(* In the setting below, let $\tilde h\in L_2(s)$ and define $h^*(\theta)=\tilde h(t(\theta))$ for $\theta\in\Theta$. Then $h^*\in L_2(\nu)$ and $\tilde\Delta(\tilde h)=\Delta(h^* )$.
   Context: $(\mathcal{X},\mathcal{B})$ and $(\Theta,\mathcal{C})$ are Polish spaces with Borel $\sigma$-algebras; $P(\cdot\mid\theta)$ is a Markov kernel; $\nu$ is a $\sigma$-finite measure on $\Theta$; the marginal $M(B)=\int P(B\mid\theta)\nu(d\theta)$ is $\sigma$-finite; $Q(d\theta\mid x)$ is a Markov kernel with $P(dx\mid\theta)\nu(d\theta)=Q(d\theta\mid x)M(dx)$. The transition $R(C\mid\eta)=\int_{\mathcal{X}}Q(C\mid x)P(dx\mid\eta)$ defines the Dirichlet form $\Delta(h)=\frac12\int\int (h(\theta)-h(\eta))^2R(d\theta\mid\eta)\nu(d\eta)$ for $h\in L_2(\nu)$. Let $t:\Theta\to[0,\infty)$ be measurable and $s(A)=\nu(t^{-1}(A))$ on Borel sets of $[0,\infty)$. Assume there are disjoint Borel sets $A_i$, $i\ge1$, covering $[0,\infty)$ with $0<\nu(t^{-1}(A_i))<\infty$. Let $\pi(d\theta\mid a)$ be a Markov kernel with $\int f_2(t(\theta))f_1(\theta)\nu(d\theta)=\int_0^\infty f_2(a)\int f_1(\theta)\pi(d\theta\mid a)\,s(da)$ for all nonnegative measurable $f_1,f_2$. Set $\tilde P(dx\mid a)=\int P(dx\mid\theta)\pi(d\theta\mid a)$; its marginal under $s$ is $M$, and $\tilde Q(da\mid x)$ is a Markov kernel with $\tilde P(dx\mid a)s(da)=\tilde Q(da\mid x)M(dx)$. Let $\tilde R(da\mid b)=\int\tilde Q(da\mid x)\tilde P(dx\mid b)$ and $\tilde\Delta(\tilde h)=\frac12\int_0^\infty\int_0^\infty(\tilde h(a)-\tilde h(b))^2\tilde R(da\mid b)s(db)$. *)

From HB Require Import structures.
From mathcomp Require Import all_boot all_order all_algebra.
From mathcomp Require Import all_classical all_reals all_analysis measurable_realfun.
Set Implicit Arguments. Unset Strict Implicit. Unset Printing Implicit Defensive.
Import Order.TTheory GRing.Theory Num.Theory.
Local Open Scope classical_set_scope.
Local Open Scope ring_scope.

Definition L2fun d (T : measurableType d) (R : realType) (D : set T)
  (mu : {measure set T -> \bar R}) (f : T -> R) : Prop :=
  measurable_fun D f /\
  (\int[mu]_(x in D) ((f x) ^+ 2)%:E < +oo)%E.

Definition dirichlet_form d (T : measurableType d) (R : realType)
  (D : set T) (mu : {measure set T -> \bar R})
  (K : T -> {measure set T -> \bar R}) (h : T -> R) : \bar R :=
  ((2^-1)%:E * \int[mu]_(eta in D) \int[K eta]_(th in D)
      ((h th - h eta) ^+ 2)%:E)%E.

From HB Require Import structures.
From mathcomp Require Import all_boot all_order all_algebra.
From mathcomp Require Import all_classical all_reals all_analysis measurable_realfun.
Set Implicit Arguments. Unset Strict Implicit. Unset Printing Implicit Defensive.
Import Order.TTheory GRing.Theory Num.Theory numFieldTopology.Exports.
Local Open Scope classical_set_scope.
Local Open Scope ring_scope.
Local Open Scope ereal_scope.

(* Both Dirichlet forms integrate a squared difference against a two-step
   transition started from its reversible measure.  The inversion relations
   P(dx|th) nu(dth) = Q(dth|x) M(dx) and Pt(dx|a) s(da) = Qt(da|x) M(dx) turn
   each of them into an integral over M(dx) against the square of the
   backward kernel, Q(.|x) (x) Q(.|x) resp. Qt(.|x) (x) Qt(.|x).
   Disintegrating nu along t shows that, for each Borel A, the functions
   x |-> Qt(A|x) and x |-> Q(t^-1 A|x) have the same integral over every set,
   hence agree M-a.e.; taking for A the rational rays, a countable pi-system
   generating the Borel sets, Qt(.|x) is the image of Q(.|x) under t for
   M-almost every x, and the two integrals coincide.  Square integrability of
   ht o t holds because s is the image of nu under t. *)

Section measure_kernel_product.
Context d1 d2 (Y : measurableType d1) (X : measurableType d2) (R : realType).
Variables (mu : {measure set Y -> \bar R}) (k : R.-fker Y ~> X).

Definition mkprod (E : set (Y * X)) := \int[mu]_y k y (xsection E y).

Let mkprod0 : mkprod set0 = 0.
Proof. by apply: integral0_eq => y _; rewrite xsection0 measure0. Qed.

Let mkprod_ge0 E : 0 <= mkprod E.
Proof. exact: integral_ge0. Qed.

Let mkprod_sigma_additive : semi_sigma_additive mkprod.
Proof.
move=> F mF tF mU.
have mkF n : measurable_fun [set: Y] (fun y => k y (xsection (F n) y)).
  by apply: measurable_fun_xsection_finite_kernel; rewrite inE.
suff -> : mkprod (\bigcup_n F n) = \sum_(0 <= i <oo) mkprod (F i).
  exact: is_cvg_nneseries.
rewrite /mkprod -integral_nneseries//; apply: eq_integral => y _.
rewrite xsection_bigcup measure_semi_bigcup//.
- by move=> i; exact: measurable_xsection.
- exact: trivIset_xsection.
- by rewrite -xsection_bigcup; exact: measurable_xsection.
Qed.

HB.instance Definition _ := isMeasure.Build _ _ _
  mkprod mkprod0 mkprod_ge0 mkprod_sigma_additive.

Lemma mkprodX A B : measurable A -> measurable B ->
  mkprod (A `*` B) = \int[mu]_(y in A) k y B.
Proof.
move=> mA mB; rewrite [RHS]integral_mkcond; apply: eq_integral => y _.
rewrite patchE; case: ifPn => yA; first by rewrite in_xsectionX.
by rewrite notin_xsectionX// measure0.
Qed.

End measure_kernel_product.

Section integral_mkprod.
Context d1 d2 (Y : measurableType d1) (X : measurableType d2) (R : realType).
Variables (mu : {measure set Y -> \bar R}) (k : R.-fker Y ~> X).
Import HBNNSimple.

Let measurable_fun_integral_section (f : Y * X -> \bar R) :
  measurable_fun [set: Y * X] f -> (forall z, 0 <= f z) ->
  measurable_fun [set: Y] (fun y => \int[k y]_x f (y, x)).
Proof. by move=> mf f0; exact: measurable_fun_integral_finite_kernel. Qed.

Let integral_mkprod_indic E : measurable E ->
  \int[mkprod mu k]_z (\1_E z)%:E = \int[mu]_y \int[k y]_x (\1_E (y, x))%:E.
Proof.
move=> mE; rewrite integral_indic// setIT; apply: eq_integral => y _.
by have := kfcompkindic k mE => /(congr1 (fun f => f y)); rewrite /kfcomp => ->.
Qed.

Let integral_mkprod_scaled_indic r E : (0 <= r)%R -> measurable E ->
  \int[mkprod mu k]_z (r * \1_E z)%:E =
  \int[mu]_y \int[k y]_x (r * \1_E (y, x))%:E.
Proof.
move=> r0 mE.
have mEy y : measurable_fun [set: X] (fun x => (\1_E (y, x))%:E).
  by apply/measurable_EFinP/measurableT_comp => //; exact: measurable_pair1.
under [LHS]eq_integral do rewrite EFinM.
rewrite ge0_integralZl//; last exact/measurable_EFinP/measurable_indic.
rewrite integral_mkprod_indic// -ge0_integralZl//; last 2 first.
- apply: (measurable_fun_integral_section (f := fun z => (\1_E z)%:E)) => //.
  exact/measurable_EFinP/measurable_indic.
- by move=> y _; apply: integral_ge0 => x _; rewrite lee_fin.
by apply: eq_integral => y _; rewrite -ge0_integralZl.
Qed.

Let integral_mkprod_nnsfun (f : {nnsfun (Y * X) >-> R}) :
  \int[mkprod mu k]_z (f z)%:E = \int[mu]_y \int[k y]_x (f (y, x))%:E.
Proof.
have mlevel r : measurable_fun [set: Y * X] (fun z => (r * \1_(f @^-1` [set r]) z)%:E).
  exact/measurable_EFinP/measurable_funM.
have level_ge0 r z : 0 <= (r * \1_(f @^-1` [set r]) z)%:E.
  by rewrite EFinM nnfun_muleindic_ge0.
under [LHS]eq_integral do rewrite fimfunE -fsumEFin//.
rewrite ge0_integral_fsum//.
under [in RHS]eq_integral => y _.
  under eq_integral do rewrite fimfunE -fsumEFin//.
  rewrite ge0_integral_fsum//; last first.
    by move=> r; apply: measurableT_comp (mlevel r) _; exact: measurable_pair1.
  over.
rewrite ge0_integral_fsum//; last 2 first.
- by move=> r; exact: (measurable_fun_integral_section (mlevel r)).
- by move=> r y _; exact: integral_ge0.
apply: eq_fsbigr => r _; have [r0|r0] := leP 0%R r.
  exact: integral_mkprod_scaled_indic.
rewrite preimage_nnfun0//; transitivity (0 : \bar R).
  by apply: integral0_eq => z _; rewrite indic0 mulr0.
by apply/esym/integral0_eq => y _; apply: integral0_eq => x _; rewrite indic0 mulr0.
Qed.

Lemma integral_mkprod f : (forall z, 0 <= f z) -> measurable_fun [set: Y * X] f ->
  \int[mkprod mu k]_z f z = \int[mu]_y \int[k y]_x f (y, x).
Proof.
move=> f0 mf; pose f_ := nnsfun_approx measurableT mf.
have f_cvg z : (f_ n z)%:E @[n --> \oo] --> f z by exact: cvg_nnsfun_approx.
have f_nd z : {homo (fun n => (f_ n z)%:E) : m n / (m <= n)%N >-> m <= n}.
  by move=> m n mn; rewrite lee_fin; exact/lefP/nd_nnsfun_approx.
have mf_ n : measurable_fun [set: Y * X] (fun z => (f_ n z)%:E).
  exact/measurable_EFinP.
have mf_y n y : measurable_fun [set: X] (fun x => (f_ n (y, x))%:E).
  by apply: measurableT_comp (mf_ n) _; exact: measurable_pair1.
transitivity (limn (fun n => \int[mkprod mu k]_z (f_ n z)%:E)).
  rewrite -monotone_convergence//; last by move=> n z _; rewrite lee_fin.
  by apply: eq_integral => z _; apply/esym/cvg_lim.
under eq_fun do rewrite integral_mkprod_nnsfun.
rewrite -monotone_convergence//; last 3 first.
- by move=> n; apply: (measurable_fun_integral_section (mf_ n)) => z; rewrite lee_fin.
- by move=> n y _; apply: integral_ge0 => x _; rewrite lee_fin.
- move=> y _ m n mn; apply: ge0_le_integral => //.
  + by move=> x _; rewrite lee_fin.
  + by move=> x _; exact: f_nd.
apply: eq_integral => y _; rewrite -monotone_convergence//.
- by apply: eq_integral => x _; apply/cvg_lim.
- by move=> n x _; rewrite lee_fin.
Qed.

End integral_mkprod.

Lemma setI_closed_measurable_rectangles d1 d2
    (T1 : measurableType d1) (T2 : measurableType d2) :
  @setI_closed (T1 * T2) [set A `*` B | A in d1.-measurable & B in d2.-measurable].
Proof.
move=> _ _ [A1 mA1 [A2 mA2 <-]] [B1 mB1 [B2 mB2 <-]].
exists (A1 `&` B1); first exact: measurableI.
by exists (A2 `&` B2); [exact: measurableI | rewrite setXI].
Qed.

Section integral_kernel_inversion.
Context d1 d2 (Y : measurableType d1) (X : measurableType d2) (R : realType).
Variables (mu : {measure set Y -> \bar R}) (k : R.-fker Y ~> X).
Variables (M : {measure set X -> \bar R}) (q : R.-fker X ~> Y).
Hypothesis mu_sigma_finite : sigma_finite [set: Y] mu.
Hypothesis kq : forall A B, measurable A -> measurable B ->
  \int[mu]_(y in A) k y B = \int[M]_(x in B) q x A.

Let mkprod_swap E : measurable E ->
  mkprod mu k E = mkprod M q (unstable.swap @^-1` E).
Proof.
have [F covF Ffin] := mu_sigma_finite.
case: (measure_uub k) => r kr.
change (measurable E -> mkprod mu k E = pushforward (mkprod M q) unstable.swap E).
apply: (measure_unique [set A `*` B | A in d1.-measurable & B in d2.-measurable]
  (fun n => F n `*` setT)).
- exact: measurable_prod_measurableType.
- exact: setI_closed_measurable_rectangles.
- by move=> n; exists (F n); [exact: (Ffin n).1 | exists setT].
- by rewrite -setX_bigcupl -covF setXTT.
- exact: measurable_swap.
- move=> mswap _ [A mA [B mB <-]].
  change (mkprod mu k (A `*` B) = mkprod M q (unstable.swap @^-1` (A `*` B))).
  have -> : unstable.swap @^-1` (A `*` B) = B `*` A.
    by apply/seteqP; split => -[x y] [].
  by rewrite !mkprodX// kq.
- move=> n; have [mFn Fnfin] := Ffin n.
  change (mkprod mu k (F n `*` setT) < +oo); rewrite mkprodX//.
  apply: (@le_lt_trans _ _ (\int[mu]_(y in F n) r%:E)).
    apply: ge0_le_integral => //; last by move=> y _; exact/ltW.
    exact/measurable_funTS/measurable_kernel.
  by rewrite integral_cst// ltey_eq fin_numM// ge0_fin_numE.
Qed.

——

* What to produce
The expected output is exactly the lines of the listing above between the line holding "transition started from" and the line holding "backward kernel, Q(.|x)", inclusive.

* Your solution
   transition started from its reversible measure.  The inversion relations
   P(dx|th) nu(dth) = Q(dth|x) M(dx) and Pt(dx|a) s(da) = Qt(da|x) M(dx) turn
   each of them into an integral over M(dx) against the square of the
   backward kernel, Q(.|x) (x) Q(.|x) resp. Qt(.|x) (x) Qt(.|x).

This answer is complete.